* EXERCISE BRIEF
Instruction for the data below: set down exactly the lines from the line with "Lemma continuous_on_integrable f" to the line with "Proof. intros H1 H2 x hx; apply (continuity_pt_plus", inclusive, and no others.

----------------------------------------

(* Let $\Omega=\{r<0\}\subset\mathbb C^2$ with $r$ a smooth defining function that is plurisubharmonic on the boundary. Let $X$ be a smooth real-valued function, $P=1+X$, $K\in\mathbb R$, and $\rho=r(1+Kr+X)$. If $p\in b\Omega$ is a weakly pseudoconvex point (i.e. $\mathcal L_r(p)=0$) and the complex Hessian of $\rho$ is positive semidefinite at $p$, then $$B_P(p)=\big(4\,\mathrm{Re}[r_zP_{\bar z}]\,\mathrm{Re}[r_wP_{\bar w}]-|r_zP_{\bar w}+r_{\bar w}P_z|^2\big)\big|_p=0.$$
   Context: Coordinates $(z,w)$ on $\mathbb C^2$; subscripts denote partial derivatives; $b\Omega=\{r=0\}$ with $\nabla r\neq0$ there. For real $C^2$ $f$, $H_f=\begin{pmatrix} f_{z\bar z}& f_{z\bar w}\\ f_{\bar z w}& f_{w\bar w}\end{pmatrix}$, acting on $V,W\in\mathbb C^2$ by $H_f(V,W)=f_{z\bar z}V_1\bar W_1+f_{w\bar w}V_2\bar W_2+f_{z\bar w}V_1\bar W_2+f_{\bar z w}V_2\bar W_1$. $L_r$ is the vector $(r_w,-r_z)$ and the Levi form is $\mathcal L_r(p)=H_r(L_r,L_r)(p)$. ''$r$ plurisubharmonic on the boundary'' means $H_r(p)$ is positive semidefinite for all $p\in b\Omega$. *)

From HB Require Import structures.
From mathcomp Require Import all_boot all_order all_algebra.
From mathcomp Require Import all_classical all_reals all_analysis.
From mathcomp Require Import complex.
Set Implicit Arguments. Unset Strict Implicit. Unset Printing Implicit Defensive.
Import Order.TTheory GRing.Theory Num.Theory.
Import numFieldNormedType.Exports.
Local Open Scope ring_scope.

(* C^2 is identified with R^4 = 'rV[R]_4 via
   (z, w) = (x1 + i y1, x2 + i y2) <-> (x1, y1, x2, y2),
   coordinate indices 0 = x1, 1 = y1, 2 = x2, 3 = y2. *)
Section Defs.
Variable R : realType.
Local Notation V := 'rV[R]_4.
(* For real $m>0$ and $\epsilon$ with $m+2\epsilon>2$ and $\epsilon<2$, and $d=4+m/2-\epsilon$, define $$\Phi_{m,d}(v)=\frac{1}{2^{2+m}\pi^{(6+m-2\epsilon)/4}}\Bigg[\frac{\Gamma(1-\epsilon/2)}{\Gamma[(m+2)/4]}\,{}_1F_2\Big(1-\tfrac{\epsilon}{2};\tfrac12,\tfrac{m+2}{4};\tfrac{v^4}{64}\Big)-\frac{v^2\,\Gamma[(3-\epsilon)/2]}{4\,\Gamma(1+m/4)}\,{}_1F_2\Big(\tfrac{3-\epsilon}{2};\tfrac32,1+\tfrac{m}{4};\tfrac{v^4}{64}\Big)\Bigg].$$ Then for all real $v$, $$\Phi_{m,4+m/2-\epsilon}(v)=\frac{2^{-m-1}\pi^{(2\epsilon-6-m)/4}}{\Gamma[(m-2+2\epsilon)/4]}\int_0^1 dt\,t^{1-\epsilon}(1-t^2)^{(m-6+2\epsilon)/4}\,e^{-tv^2/4}.$$
   Context: ${}_1F_2$ denotes the generalized hypergeometric function. $\Phi_{m,d}$ is the scaling function of the free Lifshitz-point propagator: the inverse Fourier transform of $(p^2+k^4)^{-1}$, $(\bm k,\bm p)\in\mathbb{R}^m\times\mathbb{R}^{d-m}$, equals $r^{-2+\epsilon}\Phi_{m,d}(z r^{-1/2})$ with $z=|\bm z|$, $r=|\bm r|$. *)

From Stdlib Require Import Reals Lra ClassicalEpsilon.
Open Scope R_scope.

Definition improper_int_0_1 (f : R -> R) (l : R) : Prop :=
  forall eps, 0 < eps -> exists delta, 0 < delta /\
    forall a b, 0 < a < delta -> 1 - delta < b < 1 ->
      exists pr : Riemann_integrable f a b, Rabs (RiemannInt pr - l) < eps.

Definition improper_int_0_inf (f : R -> R) (l : R) : Prop :=
  forall eps, 0 < eps -> exists delta M, 0 < delta /\
    forall a b, 0 < a < delta -> M < b ->
      exists pr : Riemann_integrable f a b, Rabs (RiemannInt pr - l) < eps.

Definition Gamma (x : R) : R :=
  epsilon (inhabits 0)
    (fun l => improper_int_0_inf (fun t => Rpower t (x - 1) * exp (- t)) l).

Fixpoint poch (a : R) (k : nat) : R :=
  match k with
  | O => 1
  | S k' => poch a k' * (a + INR k')
  end.

Definition hyp1F2 (a b1 b2 z : R) : R :=
  epsilon (inhabits 0)
    (fun l => infinite_sum
       (fun k => poch a k / (poch b1 k * poch b2 k) * z ^ k / INR (Factorial.fact k)) l).

Definition Phi (m eps v : R) : R :=
  / (Rpower 2 (2 + m) * Rpower PI ((6 + m - 2 * eps) / 4)) *
  ( Gamma (1 - eps / 2) / Gamma ((m + 2) / 4)
      * hyp1F2 (1 - eps / 2) (1 / 2) ((m + 2) / 4) (v ^ 4 / 64)
    - v ^ 2 * Gamma ((3 - eps) / 2) / (4 * Gamma (1 + m / 4))
      * hyp1F2 ((3 - eps) / 2) (3 / 2) (1 + m / 4) (v ^ 4 / 64) ).

(* After the substitution [s = t^2], the moments
   [int_0^1 t^(1-eps) (1-t^2)^((m-6+2eps)/4) t^n dt] are half Beta integrals [B(p + n/2, q)],
   with [p = 1 - eps/2] and [q = (m-2+2eps)/4].
   Expanding [exp (- t v^2/4)] in its power series and integrating term by term (the Taylor
   remainder is bounded uniformly on [0, 1] by the tail of the series of [exp (v^2/4)]), the
   relation [B(a, b) = Gamma a Gamma b / Gamma (a + b)] turns the even and the odd terms into the
   two 1F2 series of [Phi]. The Beta-Gamma relation itself comes from Gauss's limit
   [n^x B(x, n + 1) -> Gamma x], a consequence of
   [0 <= exp (-t) - (1 - t/n)^n <= t^2 exp (-t) / n] for [0 < t < n]. *)

From Stdlib Require Import Reals Lra Lia ClassicalEpsilon FunctionalExtensionality Factorial.
Open Scope R_scope.

(** * Riemann integrals *)

Lemma derivable_pt_lim_val f x l l' :
  l = l' -> derivable_pt_lim f x l -> derivable_pt_lim f x l'.
Proof. now intros ->. Qed.

Lemma derivable_pt_lim_continuity_pt f x l :
  derivable_pt_lim f x l -> continuity_pt f x.
Proof. intros H; apply derivable_continuous_pt; exists l; exact H. Qed.

Lemma derivable_pt_lim_Rpower_comp f x l p : 0 < f x -> derivable_pt_lim f x l ->
  derivable_pt_lim (fun t => Rpower (f t) p) x (p * Rpower (f x) (p - 1) * l).
Proof.
  intros hfx H; apply (derivable_pt_lim_comp f (fun u => Rpower u p)); auto.
  now apply derivable_pt_lim_power.
Qed.

Lemma derivable_pt_lim_one_minus x : derivable_pt_lim (fun t => 1 - t) x (0 - 1).
Proof.
  apply (derivable_pt_lim_minus (fun _ => 1) (fun t => t)).
  - apply derivable_pt_lim_const.
  - apply derivable_pt_lim_id.
Qed.

Lemma continuity_pt_ext f g x :
  (forall t, f t = g t) -> continuity_pt f x -> continuity_pt g x.
Proof. intros E; replace g with f; auto; now apply functional_extensionality. Qed.

Lemma continuity_pt_Rpower p x : 0 < x -> continuity_pt (fun t => Rpower t p) x.
Proof. intros; eapply derivable_pt_lim_continuity_pt; now apply derivable_pt_lim_power. Qed.

Lemma continuity_pt_Rpower_one_minus p x : x < 1 -> continuity_pt (fun t => Rpower (1 - t) p) x.
Proof.
  intros; eapply derivable_pt_lim_continuity_pt.
  apply derivable_pt_lim_Rpower_comp; [lra | apply derivable_pt_lim_one_minus].
Qed.

Lemma continuity_pt_exp_lin c x : continuity_pt (fun t => exp (c * t)) x.
Proof.
  eapply derivable_pt_lim_continuity_pt.
  apply (derivable_pt_lim_comp (fun t => c * t) exp).
  - apply (derivable_pt_lim_scal (fun t => t)), derivable_pt_lim_id.
  - apply derivable_pt_lim_exp.
Qed.

(* [RiemannInt] with the integrability proof forgotten; unspecified if [f] is not integrable. *)
Definition integral (f : R -> R) (a b : R) : R :=
  epsilon (inhabits 0) (fun l => exists pr : Riemann_integrable f a b, RiemannInt pr = l).

Lemma integral_RiemannInt f a b (pr : Riemann_integrable f a b) : integral f a b = RiemannInt pr.
Proof.
  unfold integral.
  destruct (epsilon_spec (inhabits 0) (fun l => exists pr, RiemannInt pr = l)
      (ex_intro _ (RiemannInt pr) (ex_intro _ pr eq_refl))) as [pr' <-].
  apply RiemannInt_P5.
Qed.

Definition continuous_on (f : R -> R) a b := forall x, a <= x <= b -> continuity_pt f x.

Lemma continuous_on_integrable f a b : a <= b -> continuous_on f a b -> Riemann_integrable f a b.
Proof. intros; now apply continuity_implies_RiemannInt. Qed.

Lemma continuous_on_subinterval f a b c d :
  continuous_on f a b -> a <= c -> d <= b -> continuous_on f c d.
Proof. intros H h1 h2 x hx; apply H; lra. Qed.

Lemma continuous_on_plus f g a b : continuous_on f a b -> continuous_on g a b ->
  continuous_on (fun t => f t + g t) a b.
Proof. intros H1 H2 x hx; apply (continuity_pt_plus f g); auto. Qed.

Lemma continuous_on_minus f g a b : continuous_on f a b -> continuous_on g a b ->
  continuous_on (fun t => f t - g t) a b.
Proof. intros H1 H2 x hx; apply (continuity_pt_minus f g); auto. Qed.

----------------------------------------

* RESULT OF THIS EXERCISE
Lemma continuous_on_integrable f a b : a <= b -> continuous_on f a b -> Riemann_integrable f a b.
Proof. intros; now apply continuity_implies_RiemannInt. Qed.

Lemma continuous_on_subinterval f a b c d :
  continuous_on f a b -> a <= c -> d <= b -> continuous_on f c d.
Proof. intros H h1 h2 x hx; apply H; lra. Qed.

Lemma continuous_on_plus f g a b : continuous_on f a b -> continuous_on g a b ->
  continuous_on (fun t => f t + g t) a b.
Proof. intros H1 H2 x hx; apply (continuity_pt_plus f g); auto. Qed.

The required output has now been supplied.